- The data

Lemma sum_Cantor_of_nat_le {R : numDomainType} (v : nat -> nat -> R) N :
  (forall k j, 0 <= v k j) ->
  \sum_(n < N) v (Cantor.of_nat n).1 (Cantor.of_nat n).2
    <= \sum_(k < N) \sum_(j < N) v k j.
Proof.
move=> v_ge0; pose q (n : 'I_N) : 'I_N * 'I_N :=
  (Ordinal (leq_ltn_trans (Cantor_of_nat_le n).1 (ltn_ord n)),
   Ordinal (leq_ltn_trans (Cantor_of_nat_le n).2 (ltn_ord n))).
have qE (n : 'I_N) : ((q n).1 : nat, (q n).2 : nat) = Cantor.of_nat n.
  by rewrite -surjective_pairing.
have q_inj : {in [set: 'I_N] &, injective q}.
  move=> n n' _ _ qnn'; apply/val_inj/Cantor.of_nat_inj.
  by rewrite -qE -(qE n') qnn'.
have -> : \sum_(n < N) v (Cantor.of_nat n).1 (Cantor.of_nat n).2
    = \sum_(n in [set: 'I_N]) v (q n).1 (q n).2.
  by apply: eq_big => [n|n _]; rewrite ?in_setT // -qE.
rewrite pair_bigA /= (bigID (mem (q @: [set: 'I_N]))) /= big_imset //=.
by rewrite lerDl sumr_ge0.
Qed.

Lemma sum_geometric_halves {R : realFieldType} (e : R) K :
  \sum_(k < K) e / 2 ^+ k.+1 = e - e / 2 ^+ K.
Proof.
elim: K => [|K IH]; first by rewrite big_ord0 expr0 divr1 subrr.
by rewrite big_ord_recr /= IH exprS; field; rewrite expf_neq0.
Qed.
Lemma in_rows_perp k (w : 'I_k -> 'rV[A]_n) :
  (forall i, C *m (w i)^T = 0) -> forall x, in_rows x -> perp (fspan w) x.
Proof.
move=> Cw x [a ->] y [c ->].
have Cy : C *m (\sum_i c i *: w i)^T = 0.
  rewrite linear_sum mulmx_sumr big1 // => i _.
  by rewrite linearZ -scalemxAr Cw scaler0.
by rewrite Bq_bform /bform mulmx1 -mulmxA Cy mulmx0 mxE mulr0.
Qed.

Lemma linform_in_rows f : linform_on in_rows f ->
  forall b, f (b *m C) = \sum_i b 0 i * f (row i C).
Proof.
move=> lf b.
have rows0 : in_rows 0 by exists 0; rewrite mul0mx.
have rowsD x y : in_rows x -> in_rows y -> in_rows (x + y).
  by move=> [a ->] [a' ->]; exists (a + a'); rewrite mulmxDl.
have rowsZ a x : in_rows x -> in_rows (a *: x).
  by move=> [a' ->]; exists (a *: a'); rewrite scalemxAl.
have f0 : f 0 = 0.
  have := lf 1 0 0 rows0 rows0; rewrite scaler0 addr0 mul1r => e.
  by apply: (@addrI _ (f 0)); rewrite addr0 -e.
rewrite mulmx_sum_row.
suff : in_rows (\sum_i b 0 i *: row i C) /\ f (\sum_i b 0 i *: row i C) =
  \sum_i b 0 i * f (row i C) by case.
apply: (big_ind2 (fun x y => in_rows x /\ f x = y)) => [|x1 y1 x2 y2 [Wx1 <-] [Wx2 <-]|i _].
- by [].
- by split; [exact: rowsD|rewrite -{1}[x1]scale1r lf // mul1r].
have Wi : in_rows (row i C) by exists (delta_mx 0 i); rewrite rowE.
by split; [exact: rowsZ|rewrite -[_ *: _]addr0 lf // f0 addr0].
Qed.

Hypothesis CCt_unit : C *m C^T \in unitmx.

Lemma in_rows_free : free_of_rank d in_rows.
Proof.
exists (fun i => row i C); split=> [c c0 i|x].
  have cC : (\row_j c j) *m C = 0.
    by rewrite mulmx_sum_row -[RHS]c0; apply: eq_bigr => j _; rewrite mxE.
  have := mulmxK CCt_unit (\row_j c j); rewrite mulmxA cC !mul0mx.
  by move/matrixP/(_ 0 i); rewrite !mxE.
split=> [[a ->]|[c ->]].
  by exists (fun i => a 0 i); rewrite mulmx_sum_row.
by exists (\row_j c j); rewrite mulmx_sum_row; apply: eq_bigr => j _; rewrite mxE.
Qed.

Lemma in_rows_nonsingular : (2%:R : A) \is a GRing.unit -> nonsingular in_rows.
Proof.
move=> two f lf; pose K := C *m C^T; pose F := \row_i f (row i C).
have BqE a b : Bq (a *m C) (b *m C) = 2%:R * bform K a b.
  by rewrite Bq_bform -bform_congr mulmx1.
split.
  exists ((2%:R^-1 *: (F *m invmx K)) *m C); split; first by eexists.
  move=> y [b ->]; rewrite BqE bformZl mulrA mulrV // mul1r linform_in_rows //.
  rewrite /bform -(mulmxA F) mulVmx // mulmx1 mxE.
  by apply: eq_bigr => i _; rewrite !mxE mulrC.
move=> _ _ [a ->] [a' ->] fa fa'.
have : (a - a') *m K = 0.
  apply/matrixP => i j; rewrite ord1 [RHS]mxE.
  have e : bform K a (delta_mx 0 j) = bform K a' (delta_mx 0 j).
    by apply: (mulrI two); rewrite -!BqE fa ?fa' //; exists (delta_mx 0 j).
  rewrite mulmxBl [LHS]mxE; move: e; rewrite /bform trmx_delta -!colE !mxE => ->.
  exact: subrr.
move=> /(congr1 (mulmx^~ (invmx K))); rewrite mulmxK // mul0mx.
by move/eqP; rewrite subr_eq0 => /eqP ->.
Qed.

End RowSpace.

Unset Implicit Arguments.
Set Strict Implicit.

Theorem lemma2p9 (A : idomainType) (n r s : nat)
    (u : 'I_r -> 'rV[A]_n) (v : 'I_s -> 'rV[A]_n) :
  valuation_ring A ->
  (2%:R : A) \is a GRing.unit ->
  is_frame u -> is_frame v ->
  exists (d : nat) (W : 'rV[A]_n -> Prop),
    (n - r - 2 * s <= d)%N /\
    (forall x, W x -> perp (fspan u) x /\ perp (fspan v) x) /\
    nonsingular_subspace d W.
Proof.
move=> vA two [uq uo] _.
have u_orth : orth_units 1%:M u.
  split=> [i|i j ij]; first by rewrite -qform_bform uq unitr1.
  by apply: (mulrI two); rewrite -Bq_bform uo // mulr0.
have [d [C [bound CCt Cu Cv]]] := nonsingular_complementP (valuation_dvd_total vA) two
  (fun j => (v j)^T) (trmx1 _ _) (unitmx1 _ _) u_orth.
rewrite mulmx1 in CCt.
have Cu1 i : C *m (u i)^T = 0 by rewrite -[C]mulmx1 Cu.
exists d, (in_rows C); split=> //; split.
  by move=> x Wx; split; exact: in_rows_perp Wx.
by split; [apply: in_rows_free|apply: in_rows_nonsingular].
Qed.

- Assignment
Send back each record exactly, and include them all.

- Exercise output
Lemma sum_Cantor_of_nat_le {R : numDomainType} (v : nat -> nat -> R) N :
  (forall k j, 0 <= v k j) ->
  \sum_(n < N) v (Cantor.of_nat n).1 (Cantor.of_nat n).2
    <= \sum_(k < N) \sum_(j < N) v k j.
Proof.
move=> v_ge0; pose q (n : 'I_N) : 'I_N * 'I_N :=
  (Ordinal (leq_ltn_trans (Cantor_of_nat_le n).1 (ltn_ord n)),
   Ordinal (leq_ltn_trans (Cantor_of_nat_le n).2 (ltn_ord n))).
have qE (n : 'I_N) : ((q n).1 : nat, (q n).2 : nat) = Cantor.of_nat n.
  by rewrite -surjective_pairing.
have q_inj : {in [set: 'I_N] &, injective q}.
  move=> n n' _ _ qnn'; apply/val_inj/Cantor.of_nat_inj.
  by rewrite -qE -(qE n') qnn'.
have -> : \sum_(n < N) v (Cantor.of_nat n).1 (Cantor.of_nat n).2
    = \sum_(n in [set: 'I_N]) v (q n).1 (q n).2.
  by apply: eq_big => [n|n _]; rewrite ?in_setT // -qE.
rewrite pair_bigA /= (bigID (mem (q @: [set: 'I_N]))) /= big_imset //=.
by rewrite lerDl sumr_ge0.
Qed.

Lemma sum_geometric_halves {R : realFieldType} (e : R) K :
  \sum_(k < K) e / 2 ^+ k.+1 = e - e / 2 ^+ K.
Proof.
elim: K => [|K IH]; first by rewrite big_ord0 expr0 divr1 subrr.
by rewrite big_ord_recr /= IH exprS; field; rewrite expf_neq0.
Qed.
Lemma in_rows_perp k (w : 'I_k -> 'rV[A]_n) :
  (forall i, C *m (w i)^T = 0) -> forall x, in_rows x -> perp (fspan w) x.
Proof.
move=> Cw x [a ->] y [c ->].
have Cy : C *m (\sum_i c i *: w i)^T = 0.
  rewrite linear_sum mulmx_sumr big1 // => i _.
  by rewrite linearZ -scalemxAr Cw scaler0.
by rewrite Bq_bform /bform mulmx1 -mulmxA Cy mulmx0 mxE mulr0.
Qed.

Lemma linform_in_rows f : linform_on in_rows f ->
  forall b, f (b *m C) = \sum_i b 0 i * f (row i C).
Proof.
move=> lf b.
have rows0 : in_rows 0 by exists 0; rewrite mul0mx.
have rowsD x y : in_rows x -> in_rows y -> in_rows (x + y).
  by move=> [a ->] [a' ->]; exists (a + a'); rewrite mulmxDl.
have rowsZ a x : in_rows x -> in_rows (a *: x).
  by move=> [a' ->]; exists (a *: a'); rewrite scalemxAl.
have f0 : f 0 = 0.
  have := lf 1 0 0 rows0 rows0; rewrite scaler0 addr0 mul1r => e.
  by apply: (@addrI _ (f 0)); rewrite addr0 -e.
rewrite mulmx_sum_row.
suff : in_rows (\sum_i b 0 i *: row i C) /\ f (\sum_i b 0 i *: row i C) =
  \sum_i b 0 i * f (row i C) by case.
apply: (big_ind2 (fun x y => in_rows x /\ f x = y)) => [|x1 y1 x2 y2 [Wx1 <-] [Wx2 <-]|i _].
- by [].
- by split; [exact: rowsD|rewrite -{1}[x1]scale1r lf // mul1r].
have Wi : in_rows (row i C) by exists (delta_mx 0 i); rewrite rowE.
by split; [exact: rowsZ|rewrite -[_ *: _]addr0 lf // f0 addr0].
Qed.

Hypothesis CCt_unit : C *m C^T \in unitmx.

Lemma in_rows_free : free_of_rank d in_rows.
Proof.
exists (fun i => row i C); split=> [c c0 i|x].
  have cC : (\row_j c j) *m C = 0.
    by rewrite mulmx_sum_row -[RHS]c0; apply: eq_bigr => j _; rewrite mxE.
  have := mulmxK CCt_unit (\row_j c j); rewrite mulmxA cC !mul0mx.
  by move/matrixP/(_ 0 i); rewrite !mxE.
split=> [[a ->]|[c ->]].
  by exists (fun i => a 0 i); rewrite mulmx_sum_row.
by exists (\row_j c j); rewrite mulmx_sum_row; apply: eq_bigr => j _; rewrite mxE.
Qed.

Lemma in_rows_nonsingular : (2%:R : A) \is a GRing.unit -> nonsingular in_rows.
Proof.
move=> two f lf; pose K := C *m C^T; pose F := \row_i f (row i C).
have BqE a b : Bq (a *m C) (b *m C) = 2%:R * bform K a b.
  by rewrite Bq_bform -bform_congr mulmx1.
split.
  exists ((2%:R^-1 *: (F *m invmx K)) *m C); split; first by eexists.
  move=> y [b ->]; rewrite BqE bformZl mulrA mulrV // mul1r linform_in_rows //.
  rewrite /bform -(mulmxA F) mulVmx // mulmx1 mxE.
  by apply: eq_bigr => i _; rewrite !mxE mulrC.
move=> _ _ [a ->] [a' ->] fa fa'.
have : (a - a') *m K = 0.
  apply/matrixP => i j; rewrite ord1 [RHS]mxE.
  have e : bform K a (delta_mx 0 j) = bform K a' (delta_mx 0 j).
    by apply: (mulrI two); rewrite -!BqE fa ?fa' //; exists (delta_mx 0 j).
  rewrite mulmxBl [LHS]mxE; move: e; rewrite /bform trmx_delta -!colE !mxE => ->.
  exact: subrr.
move=> /(congr1 (mulmx^~ (invmx K))); rewrite mulmxK // mul0mx.
by move/eqP; rewrite subr_eq0 => /eqP ->.
Qed.

End RowSpace.

Unset Implicit Arguments.
Set Strict Implicit.

Theorem lemma2p9 (A : idomainType) (n r s : nat)
    (u : 'I_r -> 'rV[A]_n) (v : 'I_s -> 'rV[A]_n) :
  valuation_ring A ->
  (2%:R : A) \is a GRing.unit ->
  is_frame u -> is_frame v ->
  exists (d : nat) (W : 'rV[A]_n -> Prop),
    (n - r - 2 * s <= d)%N /\
    (forall x, W x -> perp (fspan u) x /\ perp (fspan v) x) /\
    nonsingular_subspace d W.
Proof.
move=> vA two [uq uo] _.
have u_orth : orth_units 1%:M u.
  split=> [i|i j ij]; first by rewrite -qform_bform uq unitr1.
  by apply: (mulrI two); rewrite -Bq_bform uo // mulr0.
have [d [C [bound CCt Cu Cv]]] := nonsingular_complementP (valuation_dvd_total vA) two
  (fun j => (v j)^T) (trmx1 _ _) (unitmx1 _ _) u_orth.
rewrite mulmx1 in CCt.
have Cu1 i : C *m (u i)^T = 0 by rewrite -[C]mulmx1 Cu.
exists d, (in_rows C); split=> //; split.
  by move=> x Wx; split; exact: in_rows_perp Wx.
by split; [apply: in_rows_free|apply: in_rows_nonsingular].
Qed.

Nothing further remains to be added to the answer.